As illustrated in Fig. 2A, the restructuring process of KS_β embeddings initially reset the counts of predefined labels to 3, followed by the automatic adjustment of the n_neighbors and min_dist parameters to refine the space and improve its alignment with these 3 class labels. HDBSCAN was then applied to cluster the similar data points and assign new class labels to them. Certain previously assigned KS_β sequences were bifurcated and merged into a new label. For example, in class label A column, label I is from partial initial label 8 and 9; label II is from partial initial label 8 and 9, and entire initial 12 and 13; and label III is from entire initial label 10 (Fig. 2A, Table S4†). Upon increasing the number of predefined labels, the approach tuned the n_neighbors and min_dist parameters to decrease their values, which allowed HDBSCAN to recognize and assign new labels to smaller and more localized features in the data space (Fig. 2C and S3†). This iterative process continued until the number of class labels assigned to the 163 KS_β embeddings reached 9, after which no more labels could be generated or some data points were identified as noise. To evaluate the distribution patterns of the 9 autogenerated labels, the supervised UMAP technique was employed again, revealing that these labels could represent the T2PK biosynthetic logics more accurately in the real world (Fig. 2D).

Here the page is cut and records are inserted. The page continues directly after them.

(* If a square matrix $A$ has a principal submatrix $A[\kappa]$ that is a Hurwitz-unstable $P^-_{FF}$ matrix, then $A$ is $D$-Hopf.
   Context: Hurwitz-unstable: at least one eigenvalue with positive real part. $P^-_0$ matrix: every nonzero $k\times k$ principal minor has sign $(-1)^k$. An $n\times n$ $P^-_0$ matrix $A$ is a $P^-_{FF}$ (Fisher–Fuller) matrix if there is a nested sequence of invertible principal submatrices $A[\kappa_1],\dots,A[\kappa_n]$ with $|\kappa_i|=i$ and $\kappa_{i-1}\subset\kappa_i$. Inertia: numbers of eigenvalues with negative, positive, zero real part. $A$ is $D$-Hopf if there exist an invertible $k\times k$ principal submatrix $A[\kappa]$ and positive diagonal $D_1,D_2$ with $\operatorname{inertia}(A[\kappa]D_1)\ne\operatorname{inertia}(A[\kappa]D_2)$. *)

From HB Require Import structures.
From mathcomp Require Import all_boot all_order all_algebra.
From mathcomp.real_closed Require Import complex.
Set Implicit Arguments. Unset Strict Implicit. Unset Printing Implicit Defensive.
Import Order.TTheory GRing.Theory Num.Theory.
Local Open Scope ring_scope.

Section Defs.
Variable R : rcfType.


(* Principal submatrix A[kappa]: rows and columns indexed by kappa,
   in increasing order (enum of a set over 'I_n is increasing). *)
Definition psub m (A : 'M[R]_m) (kappa : {set 'I_m}) : 'M[R]_#|kappa| :=
  \matrix_(i, j) A (enum_val i) (enum_val j).

Definition cmx m (A : 'M[R]_m) : 'M[R[i]]_m := map_mx (fun x => (x%:C)%C) A.

Definition hurwitz_unstable m (A : 'M[R]_m) : Prop :=
  exists z : R[i], eigenvalue (cmx A) z /\ 0 < complex.Re z.

Definition P0minus m (A : 'M[R]_m) : Prop :=
  forall K : {set 'I_m}, \det (psub A K) != 0 ->
    Num.sg (\det (psub A K)) = (-1) ^+ #|K|.

Definition PFFminus m (A : 'M[R]_m) : Prop :=
  P0minus A /\
  exists kap : nat -> {set 'I_m},
    (forall k, (1 <= k <= m)%N -> #|kap k| = k /\ \det (psub A (kap k)) != 0) /\
    (forall k, (2 <= k <= m)%N -> kap k.-1 \subset kap k).

(* Eigenvalues (with algebraic multiplicity) of a complex matrix. *)
Definition eigseq m (M : 'M[R[i]]_m) : seq R[i] :=
  sval (closed_field_poly_normal (char_poly M)).

Definition inertia m (A : 'M[R]_m) : nat * nat * nat :=
  let s := eigseq (cmx A) in
  (count (fun z => complex.Re z < 0) s,
   count (fun z => 0 < complex.Re z) s,
   count (fun z => complex.Re z == 0) s).

Definition DHopf n (A : 'M[R]_n) : Prop :=
  exists kappa : {set 'I_n},
    \det (psub A kappa) != 0 /\
    exists d1 d2 : 'rV[R]_#|kappa|,
      (forall i, 0 < d1 0 i) /\ (forall i, 0 < d2 0 i) /\
      inertia (psub A kappa *m diag_mx d1) <> inertia (psub A kappa *m diag_mx d2).
End Defs.

(* Fisher-Fuller argument.  Write B = A[kappa].  Along the nested chain of
   invertible principal submatrices of B the determinants alternate in sign,
   so each time a coordinate j is added to the current index set S the Schur
   complement B_jj - B_jS B_S^-1 B_Sj is negative.  This allows one to extend,
   one coordinate at a time, a positive diagonal d together with a quadratic
   Lyapunov function V(y) = sum_k <L_k, y>^2 for B diag(d): the new coordinate
   gets a small weight, the old ones are sheared along B_S^-1 B_Sj, and V gains
   one square.  A Lyapunov function forces every eigenvalue of B diag(d) into
   the open left half plane (test it on the real and imaginary parts of an
   eigenvector), whereas B = B I has an eigenvalue with positive real part;
   so the inertias of B diag(d) and B I differ, and A is D-Hopf. *)

From HB Require Import structures.
From mathcomp Require Import all_boot all_order all_algebra.
From mathcomp.real_closed Require Import complex.
From mathcomp Require Import ring lra.
From mathcomp Require Import fingroup perm.
Import Order.TTheory GRing.Theory Num.Theory.
Local Open Scope ring_scope.

Set Implicit Arguments. Unset Strict Implicit. Unset Printing Implicit Defensive.

Section RestrictedForms.
Variables (R : rcfType) (m : nat).
Implicit Types (S : {set 'I_m}) (u v x y : 'I_m -> R) (L : nat -> 'I_m -> R).

Definition dot_on S u y := \sum_(i in S) u i * y i.

Definition sqnorm_on S y := \sum_(i in S) y i ^+ 2.

Definition bform_on S r L x y := \sum_(k < r) dot_on S (L k) x * dot_on S (L k) y.

Lemma eq_dot_on S u v x y :
  {in S, u =1 v} -> {in S, x =1 y} -> dot_on S u x = dot_on S v y.
Proof. by move=> uv xy; apply: eq_bigr => i iS; rewrite uv ?xy. Qed.

Lemma dot_onDr S u x y :
  dot_on S u (fun i => x i + y i) = dot_on S u x + dot_on S u y.
Proof. by rewrite /dot_on -big_split; apply: eq_bigr => i _; rewrite mulrDr. Qed.

Lemma dot_onZr S u (a : R) y : dot_on S u (fun i => a * y i) = a * dot_on S u y.
Proof. by rewrite /dot_on mulr_sumr; apply: eq_bigr => i _; rewrite mulrCA. Qed.

Lemma dot_on_setU1 S j u y :
  j \notin S -> dot_on (j |: S) u y = u j * y j + dot_on S u y.
Proof. exact: big_setU1. Qed.

Lemma sqnorm_on_setU1 S j y :
  j \notin S -> sqnorm_on (j |: S) y = y j ^+ 2 + sqnorm_on S y.
Proof. exact: big_setU1. Qed.

Lemma sqnorm_on_ge0 S y : 0 <= sqnorm_on S y.
Proof. by apply: sumr_ge0 => i _; apply: sqr_ge0. Qed.

Lemma eq_bform_on S r L x y y' :
  {in S, y =1 y'} -> bform_on S r L x y = bform_on S r L x y'.
Proof.
by move=> yy'; apply: eq_bigr => k _; rewrite (@eq_dot_on S (L k) (L k) y y').
Qed.

Lemma bform_onC S r L x y : bform_on S r L x y = bform_on S r L y x.
Proof. by apply: eq_bigr => k _; rewrite mulrC. Qed.

Lemma bform_onDr S r L x y w :
  bform_on S r L x (fun i => y i + w i) = bform_on S r L x y + bform_on S r L x w.
Proof.
by rewrite /bform_on -big_split; apply: eq_bigr => k _; rewrite dot_onDr mulrDr.
Qed.

Lemma bform_onZr S r L x (a : R) y :
  bform_on S r L x (fun i => a * y i) = a * bform_on S r L x y.
Proof.
by rewrite /bform_on mulr_sumr; apply: eq_bigr => k _; rewrite dot_onZr mulrCA.
Qed.

Lemma bform_on_dotr S r L x y :
  bform_on S r L x y = dot_on S (fun i => \sum_(k < r) L k i * dot_on S (L k) y) x.
Proof.
rewrite /bform_on /dot_on; under [RHS]eq_bigr do rewrite mulr_suml.
rewrite exchange_big /=; apply: eq_bigr => k _; rewrite mulr_suml.
by apply: eq_bigr => i _; rewrite mulrAC.
Qed.

Lemma sqr_sum_le_card S (a : 'I_m -> R) :
  (\sum_(i in S) a i) ^+ 2 <= #|S|%:R * \sum_(i in S) a i ^+ 2.
Proof.
have amgm i j : a i * a j <= (a i ^+ 2 + a j ^+ 2) / 2.
  by have := sqr_ge0 (a i - a j); lra.
rewrite expr2 mulr_suml.
apply: (@le_trans _ _ (\sum_(i in S) \sum_(j in S) (a i ^+ 2 + a j ^+ 2) / 2)).
  by apply: ler_sum => i _; rewrite mulr_sumr; apply: ler_sum => j _.
rewrite (eq_bigr (fun i => (#|S|%:R * a i ^+ 2 + \sum_(j in S) a j ^+ 2) / 2)).
  rewrite -mulr_suml big_split /= -mulr_sumr sumr_const -mulr_natl.
  set Q := \sum_(i in S) _; lra.
by move=> i _; rewrite -mulr_suml big_split /= sumr_const mulr_natl.
Qed.

Lemma dot_on_sqr_bounded S u :
  exists2 C, 0 <= C & forall y, dot_on S u y ^+ 2 <= C * sqnorm_on S y.
Proof.
exists (#|S|%:R * sqnorm_on S u); first exact: mulr_ge0 (sqnorm_on_ge0 _ _).
move=> y; apply: le_trans (sqr_sum_le_card _ _) _.
rewrite -mulrA ler_wpM2l // mulr_sumr; apply: ler_sum => i iS.
rewrite exprMn ler_wpM2r ?sqr_ge0 // /sqnorm_on (bigD1 i) //= lerDl.
by apply: sumr_ge0 => l _; apply: sqr_ge0.
Qed.

Definition shear j (c : R) h y : 'I_m -> R := fun i => y i + c * y j * h i.

Lemma sqnorm_on_shear S j c h y :
  sqnorm_on S y <= 2 * sqnorm_on S (shear j c h y) + 2 * c ^+ 2 * y j ^+ 2 * sqnorm_on S h.
Proof.
rewrite /sqnorm_on !mulr_sumr -big_split /=; apply: ler_sum => i _.
have := sqr_ge0 (y i + 2 * (c * y j * h i)).
have -> : 2 * c ^+ 2 * y j ^+ 2 * h i ^+ 2 = 2 * (c * y j * h i) ^+ 2 by ring.
rewrite /shear; nra.
Qed.

Definition extend_forms S j r L (c : R) h : nat -> 'I_m -> R := fun k =>
  if (k < r)%N then fun i => if i == j then c * dot_on S (L k) h else L k i
  else fun i => if i == j then c else 0.

Lemma bform_on_extend S j r L c h x y : j \notin S ->
  bform_on (j |: S) r.+1 (extend_forms S j r L c h) x y =
  bform_on S r L (shear j c h x) (shear j c h y) + c * x j * (c * y j).
Proof.
move=> jS; have neq_j i : i \in S -> (i == j) = false.
  by move=> iS; apply: contraNF jS => /eqP <-.
have dot_old (k : 'I_r) w :
    dot_on (j |: S) (extend_forms S j r L c h k) w = dot_on S (L k) (shear j c h w).
  rewrite dot_on_setU1 // /extend_forms ltn_ord eqxx /shear dot_onDr dot_onZr.
  rewrite (@eq_dot_on S _ (L k) w w) => [|i iS|//]; last by rewrite neq_j.
  by rewrite mulrAC addrC.
have dot_new w : dot_on (j |: S) (extend_forms S j r L c h r) w = c * w j.
  rewrite dot_on_setU1 // /extend_forms ltnn eqxx.
  rewrite (@eq_dot_on S _ (fun=> 0) w w) => [|i iS|//]; last by rewrite neq_j.
  by rewrite /dot_on big1 ?addr0 // => i _; rewrite mul0r.
rewrite /bform_on big_ord_recr /= !dot_new; congr (_ + _).
by apply: eq_bigr => k _; rewrite !dot_old.
Qed.

End RestrictedForms.

Section StepArithmetic.
Variable R : rcfType.

Lemma mul_le_young (p x y : R) : 0 < p -> x * y <= (p * x ^+ 2 + y ^+ 2 / p) / 2.
Proof.
move=> p0; have : 0 <= (p * x - y) ^+ 2 / p by rewrite divr_ge0 ?sqr_ge0 ?ltW.
have -> : (p * x - y) ^+ 2 / p = p * x ^+ 2 + y ^+ 2 / p - 2 * (x * y).
  by field; rewrite gt_eqF.
lra.
Qed.

Lemma step_norm_bound (al' dl H a t Nz : R) :
  0 <= al' -> Nz <= 2 * a + 2 * dl ^+ 2 * t ^+ 2 * H ->
  al' * (t ^+ 2 + Nz) <= 2 * al' * a + al' * (1 + 2 * dl ^+ 2 * H) * t ^+ 2.
Proof.
move=> al'0 hN; have : al' * Nz <= al' * (2 * a + 2 * dl ^+ 2 * t ^+ 2 * H).
  exact: ler_wpM2l.
lra.
Qed.

Lemma step_decay (al s CK CG dl a Psi Kv Gv t : R) :
  s < 0 -> 0 <= CK -> 0 <= CG -> 0 < dl -> 0 <= a ->
  dl * ((CG + CK) / 2 + (s ^+ 2 * CK + CG) / - s) <= al / 2 ->
  Psi <= - (al * a) -> Kv ^+ 2 <= CK * a -> Gv ^+ 2 <= CG * a ->
  Psi + dl * (dl * s * t + Gv) * Kv + dl * t * (dl * (dl * s * t + Gv))
    <= - (al / 2 * a) + s * dl ^+ 3 * t ^+ 2 / 2.
Proof.
move=> s0 CK0 CG0 dl0 a0 hdl hPsi hK hG.
have ns0 : 0 < - s by rewrite oppr_gt0.
set W := s * Kv + Gv.
have -> : Psi + dl * (dl * s * t + Gv) * Kv + dl * t * (dl * (dl * s * t + Gv)) =
    Psi + dl * (Gv * Kv) + dl * ((dl * t) * W) + s * dl ^+ 3 * t ^+ 2.
  by rewrite /W; ring.
have hWsq : W ^+ 2 + (s * Kv - Gv) ^+ 2 = 2 * (s ^+ 2 * Kv ^+ 2) + 2 * Gv ^+ 2.
  by rewrite /W; ring.
clearbody W.
have hGK : Gv * Kv <= (CG + CK) / 2 * a.
  by have := mul_le_young Gv Kv ltr01; rewrite mul1r divr1; lra.
have hW : W ^+ 2 / - s <= 2 * ((s ^+ 2 * CK + CG) / - s) * a.
  have hsK : s ^+ 2 * Kv ^+ 2 <= s ^+ 2 * (CK * a) by apply: ler_wpM2l; rewrite ?sqr_ge0.
  have : W ^+ 2 <= 2 * (s ^+ 2 * CK + CG) * a.
    have : 2 * (s ^+ 2 * CK + CG) * a = 2 * (s ^+ 2 * (CK * a)) + 2 * (CG * a) by ring.
    by have := sqr_ge0 (s * Kv - Gv); lra.
  have -> : 2 * ((s ^+ 2 * CK + CG) / - s) * a = 2 * (s ^+ 2 * CK + CG) * a / - s.
    by ring.
  by move=> hW2; apply: ler_wpM2r; rewrite // invr_ge0 ltW.
have hdW : dl * t * W <= (- s * (dl * t) ^+ 2 + 2 * ((s ^+ 2 * CK + CG) / - s) * a) / 2.
  apply: le_trans (mul_le_young _ _ ns0) _; lra.
have hE : dl * ((CG + CK) / 2 * a) + dl * ((s ^+ 2 * CK + CG) / - s * a) <= al / 2 * a.
  have -> : dl * ((CG + CK) / 2 * a) + dl * ((s ^+ 2 * CK + CG) / - s * a) =
      dl * ((CG + CK) / 2 + (s ^+ 2 * CK + CG) / - s) * a by ring.
  exact: ler_wpM2r.
have : dl * (Gv * Kv) <= dl * ((CG + CK) / 2 * a) by apply: ler_wpM2l; rewrite // ltW.
have : dl * (dl * t * W) <= dl * ((- s * (dl * t) ^+ 2 + 2 * ((s ^+ 2 * CK + CG) / - s) * a) / 2).
  by apply: ler_wpM2l; rewrite // ltW.
have -> : dl * ((- s * (dl * t) ^+ 2 + 2 * ((s ^+ 2 * CK + CG) / - s) * a) / 2) =
    - (s * dl ^+ 3 * t ^+ 2 / 2) + dl * ((s ^+ 2 * CK + CG) / - s * a).
  by field; apply: ltr0_neq0.
lra.
Qed.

Development of the T2PK classifier

As described in the previous session, four machine learning algorithms (random forest, XGBoost, SVM, and MLP with grid search hyperparameter tuning) were employed to train the initial T2PK classifiers on KS_β embeddings. The classifiers were trained on two distinct sets of class labels: one comprising five manually annotated class labels and another consisting of nine refined class labels (Fig. 2D). Due to the imbalanced nature of our dataset, the F1 score and confusion matrix were employed to assess and compare the performance of the classifiers trained on these two different sets of class labels. As outlined in Table 2, the MLP classifier yielded an F1 score of 0.89 on the test set when utilizing the nine refined class labels, whereas the F1 scores of the random forest, XGBoost, and SVM classifiers were 0.77, 0.73, and 0.92, respectively. Notably, the classifiers trained on the five manually annotated class labels exhibited inferior performance compared with those trained on the nine refined class labels.

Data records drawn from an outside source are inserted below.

End ConvexFunction.

Lemma le_inf_add {R : realType} (A B : set R) x : A !=set0 -> B !=set0 ->
  (forall a b, A a -> B b -> x <= a + b) -> x <= inf A + inf B.
Proof.
move=> A0 B0 xAB.
suff : x - inf A <= inf B by lra.
apply: lb_le_inf => // b Bb; suff : x - b <= inf A by lra.
by apply: lb_le_inf => // a Aa; have := xAB a b Aa Bb; lra.
Qed.

Definition norm1 {R : realType} {n : nat} (c : 'rV[R]_n) := \sum_i `|c ord0 i|.

Lemma norm1Z {R : realType} {n : nat} k (c : 'rV[R]_n) : norm1 (k *: c) = `|k| * norm1 c.
Proof. by rewrite /norm1 mulr_sumr; apply: eq_bigr => i _; rewrite mxE normrM. Qed.

Lemma norm1N {R : realType} {n : nat} (c : 'rV[R]_n) : norm1 (- c) = norm1 c.
Proof. by rewrite -scaleN1r norm1Z normrN1 mul1r. Qed.

Lemma norm1_delta {R : realType} {n : nat} (j : 'I_n) :
  norm1 (\row_k (k == j)%:R : 'rV[R]_n) = 1.
Proof.
rewrite /norm1 (bigD1 j) //= big1 ?addr0 => [|i /negbTE ij]; last by rewrite mxE ij normr0.
by rewrite mxE eqxx normr1.
Qed.

Section Subgradient.
Context {R : realType} {n : nat}.
Variables (phi : 'rV[R]_n -> R) (d : 'rV[R]_n) (L : R).
Hypothesis phi_convex : convex_fun phi.
Hypothesis phi0 : phi 0 = 0.
Hypothesis phi_ray : forall t, 0 < t -> 0 <= phi (t *: d).
Hypothesis phi_le : forall c, phi c <= L * norm1 c.

(* q is a sublinear minorant of phi with q (- d) <= 0; a linear functional below q
   (finite-dimensional Hahn-Banach) is the required subgradient. *)
Let S c := [set y | exists s t, [/\ 0 < s, 0 <= t & y = phi (s *: (c + t *: d)) / s]].
Let q c := inf (S c).

Let S_phi c : S c (phi c).
Proof. by exists 1, 0; rewrite ltr01 lexx scale0r addr0 scale1r divr1. Qed.

Let phi_ray_ge0 t : 0 <= t -> 0 <= phi (t *: d).
Proof. by rewrite le_eqVlt => /predU1P[<-|/phi_ray//]; rewrite scale0r phi0. Qed.

Let S_lb c : lbound (S c) (- (L * norm1 c)).
Proof.
move=> _ [s [t [s_gt0 t_ge0 ->]]]; rewrite ler_pdivlMr //.
have mid := convex_midpoint phi_convex (s *: (c + t *: d)) (- (s *: c)).
have E : 2^-1 *: (s *: (c + t *: d) + - (s *: c)) = (s * t / 2) *: d.
  by rewrite [s *: (c + _)]scalerDr addrAC subrr add0r !scalerA mulrC.
rewrite E in mid.
have st_ge0 : 0 <= s * t / 2 by rewrite !mulr_ge0 ?(ltW s_gt0) ?invr_ge0 ?ler0n.
have := phi_ray_ge0 st_ge0.
have := phi_le (- (s *: c)); rewrite norm1N norm1Z gtr0_norm //; lra.
Qed.

Let S_inf c : has_inf (S c).
Proof. by split; [exists (phi c)|exists (- (L * norm1 c))]. Qed.

Let q_le c : q c <= phi c.
Proof. by apply: ge_inf (S_phi c); exact: proj2 (S_inf c). Qed.

Let q_neg_dir : q (- d) <= 0.
Proof.
apply: ge_inf; first exact: proj2 (S_inf _).
by exists 1, 1; rewrite ltr01 ler01 !scale1r addNr phi0 divr1.
Qed.

Let q_subadditive a b : q (a + b) <= q a + q b.
Proof.
apply: le_inf_add; [by exists (phi a)|by exists (phi b)|].
move=> _ _ [s1 [t1 [s1_gt0 t1_ge0 ->]]] [s2 [t2 [s2_gt0 t2_ge0 ->]]].
pose m := Num.min s1 s2.
have m_gt0 : 0 < m by rewrite lt_min s1_gt0.
have ms1 : m <= s1 by rewrite ge_min lexx.
have ms2 : m <= s2 by rewrite ge_min lexx orbT.
have h1 := convex_slope_le phi_convex (a + t1 *: d) phi0 m_gt0 ms1.
have h2 := convex_slope_le phi_convex (b + t2 *: d) phi0 m_gt0 ms2.
have mid := convex_midpoint phi_convex (m *: (a + t1 *: d)) (m *: (b + t2 *: d)).
have E : 2^-1 *: (m *: (a + t1 *: d) + m *: (b + t2 *: d)) =
    (m / 2) *: (a + b + (t1 + t2) *: d).
  by rewrite -scalerDr scalerA mulrC addrACA -scalerDl.
rewrite E in mid.
have Sab : S (a + b) (phi ((m / 2) *: (a + b + (t1 + t2) *: d)) / (m / 2)).
  by exists (m / 2), (t1 + t2); rewrite divr_gt0 // addr_ge0.
apply: le_trans (ge_inf (proj2 (S_inf (a + b))) Sab) _.
set A1 := phi (m *: _) in h1 mid; set A2 := phi (m *: _) in h2 mid.
set B := phi _ in mid *.
have -> : B / (m / 2) = (2 * B) / m by rewrite invf_div mulrCA mulrA.
have : (2 * B) / m <= A1 / m + A2 / m.
  by rewrite -mulrDl ler_pM2r ?invr_gt0 //; lra.
lra.
Qed.

Let q_homogeneous (l : R) a : 0 < l -> l * q a <= q (l *: a).
Proof.
move=> l_gt0; apply: lb_le_inf; first by exists (phi (l *: a)).
move=> _ [s [t [s_gt0 t_ge0 ->]]].
have Sa : S a (phi ((s * l) *: (a + (t / l) *: d)) / (s * l)).
  by exists (s * l), (t / l); rewrite mulr_gt0 // divr_ge0 // ltW.
have := ge_inf (proj2 (S_inf a)) Sa; rewrite -(ler_pM2l l_gt0).
have -> : (s * l) *: (a + (t / l) *: d) = s *: (l *: a + t *: d).
  by apply/rowP => i; rewrite !mxE; field; rewrite gt_eqF.
set V := phi _; suff -> : l * (V / (s * l)) = V / s by [].
by field; rewrite ?mulf_neq0 ?gt_eqF.
Qed.

Lemma exists_subgradient_nonneg_dir :
  exists2 w, forall c, dotv w c <= phi c & 0 <= dotv w d.
Proof.
have [w wq] := sublinear_dominates_linear q_subadditive q_homogeneous.
exists w => [c|]; first exact: le_trans (wq c) (q_le c).
by have := le_trans (wq (- d)) q_neg_dir; rewrite dotvNr oppr_le0.
Qed.

End Subgradient.

Section ConvexFamily.
Context {R : realType} {n : nat} {P : topologicalType}.
Variables (psi : P -> 'rV[R]_n -> R) (L : R).
Hypothesis P_compact : compact [set: P].
Hypothesis psi_continuous : forall c, continuous (psi^~ c).
Hypothesis psi_convex : forall p, convex_fun (psi p).
Hypothesis psi0_le0 : forall p, psi p 0 <= 0.
Hypothesis psi_max_ge0 : forall c, exists p, 0 <= psi p c.
Hypothesis psi_le : forall p c, psi p c <= L * norm1 c.

Lemma exists_active_nonneg_ray d :
  exists p, psi p 0 = 0 /\ forall t, 0 < t -> 0 <= psi p (t *: d).
Proof.
apply: contrapT => no_active.
have neg_ray p : exists2 t0, 0 < t0 & psi p (t0 *: d) < 0.
  have [p0|] := eqVneq (psi p 0) 0.
    have /existsNP [t /not_implyP [t_gt0 /negP]] :
      ~ (forall t, 0 < t -> 0 <= psi p (t *: d)) by move=> ray; apply: no_active; exists p.
    by rewrite -ltNge; exists t.
  move=> p_neq0; apply: (convex_neg_near0 (psi_convex p)).
  by rewrite lt_neqAle p_neq0 psi0_le0.
(* by compactness one small t works for all p at once *)
have : \forall t \near 0^'+, [set: P] `<=` (fun p => psi p (t *: d) < 0).
  apply: (proj1 (compact_near_coveringP _) P_compact) => p _.
  have [t0 t0_gt0 psit0] := neg_ray p.
  exists ([set p' | psi p' (t0 *: d) < 0], [set t | 0 < t <= t0]).
    split; first exact: cvgr_lt (@psi_continuous (t0 *: d) p) _ psit0.
    apply: filterS (filterI (nbhs_right_gt 0) (nbhs_right_lt t0_gt0)).
    by move=> t [t_gt0 t_lt]; rewrite /= t_gt0 ltW.
  move=> [p' t] /= [psi't0 t0t].
  exact: (@convex_neg_segment _ _ (psi p') (psi_convex p') d t0 t (psi0_le0 p') psi't0 t0t).
case/filter_ex => t all_neg; have [p psi_ge0] := psi_max_ge0 (t *: d).
by have := all_neg p I; rewrite ltNge psi_ge0.
Qed.

Let subgrad_set := [set w : 'rV[R]_n |
  exists p, psi p 0 = 0 /\ forall c, dotv w c <= psi p c].

Let subgrad_set_closed : closed subgrad_set.
Proof.
rewrite -[subgrad_set]setCK; apply: open_closedC; rewrite openE => w0 w0_out.
have : \forall w \near w0, [set: P] `<=`
    (fun p => psi p 0 < 0 \/ exists c, psi p c < dotv w c).
  apply: (proj1 (compact_near_coveringP _) P_compact _ (nbhs w0)
    (fun w p => psi p 0 < 0 \/ exists c, psi p c < dotv w c)) => p _.
  have [p0|p0_neq0] := eqVneq (psi p 0) 0; last first.
    have p0_lt0 : psi p 0 < 0 by rewrite lt_neqAle p0_neq0 psi0_le0.
    exists ([set p' | psi p' 0 < 0], [set: 'rV[R]_n]); last by move=> [p' w] [] /=; left.
    by split; [exact: cvgr_lt (@psi_continuous 0 p) _ p0_lt0|exact: filterT].
  have /existsNP [c /negP] : ~ (forall c, dotv w0 c <= psi p c).
    by move=> w0_sub; apply: w0_out; exists p.
  rewrite -ltNge => psi_lt; pose e := (dotv w0 c - psi p c) / 2.
  have e_gt0 : 0 < e by rewrite divr_gt0 // subr_gt0.
  exists ([set p' | psi p' c < psi p c + e], [set w | dotv w0 c - e < dotv w c]).
    split; first by apply: cvgr_lt (@psi_continuous c p) _ _; rewrite ltrDl.
    by apply: cvgr_gt (@dotv_continuousl R n c w0) _ _; rewrite gtrBl.
  move=> [p' w] /= [psi'_lt dot_gt]; right; exists c.
  have : psi p c + e = dotv w0 c - e by rewrite /e; field.
  lra.
apply: filterS => w near_w [p [p0 w_sub]].
have [|[c]] := near_w p I; first by rewrite p0 ltxx.
by have := w_sub c; lra.
Qed.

Table 2 Performance metrics of initial and enhanced T2PK classifier with two types of class label trained by random forest, XGBoost, SVM, MLP. TPR: true positive rate; FPR: false positive rate

Classifier	Class number	TPR%	FPR%	Accuracy	Precision	Recall	F1-score
Initial classifier
Random forest	5 classes	55.00	8.88	0.76	0.49	0.55	0.51
Random forest	9 classes	76.11	2.81	0.79	0.80	0.76	0.77
XGBoost	5 classes	57.67	8.88	0.76	0.68	0.58	0.59
XGBoost	9 classes	76.11	2.73	0.79	0.75	0.76	0.73
SVM	5 classes	62.67	7.02	0.79	0.80	0.63	0.66
SVM	9 classes	96.76	0.68	0.94	0.91	0.97	0.92
MLP	5 classes	67.56	5.25	0.79	0.67	0.68	0.67
MLP	9 classes	93.15	1.51	0.88	0.87	0.93	0.89

Enhanced classifier
MLP	5 classes	66.67	6.38	0.82	0.91	0.67	0.70
MLP	9 classes	97.78	0.43	0.97	0.99	0.98	0.98

To leverage the 2566 unlabeled KS_β embeddings, a consistency regularization-based semi-supervised learning framework was adopted to train an enhanced MLP classifier based on the initial MLP classifier with two distinct sets of class labels. The enhanced MLP classifier was trained on both labeled and unlabeled data. In this process, the cross-entropy loss function was applied to the disturbed labeled data via Gaussian noise, while the mean-square error loss function was applied to both disturbed labeled and unlabeled data (Fig. 3A). This approach promoted the model to produce consistent predictions over time and resulted in a smoothed decision boundary, thereby enhancing the model's generalization performance on unseen data and alleviating overfitting. A clear disturbance in the initial classifier at the beginning is shown in Fig. 3B. Overall, the performance evaluation demonstrated that the enhanced MLP classifier trained with nine refined class labels attained an F1 score of 0.98 on the test set, an increase of 0.09 compared with the initial one, indicating state-of-the-art performance.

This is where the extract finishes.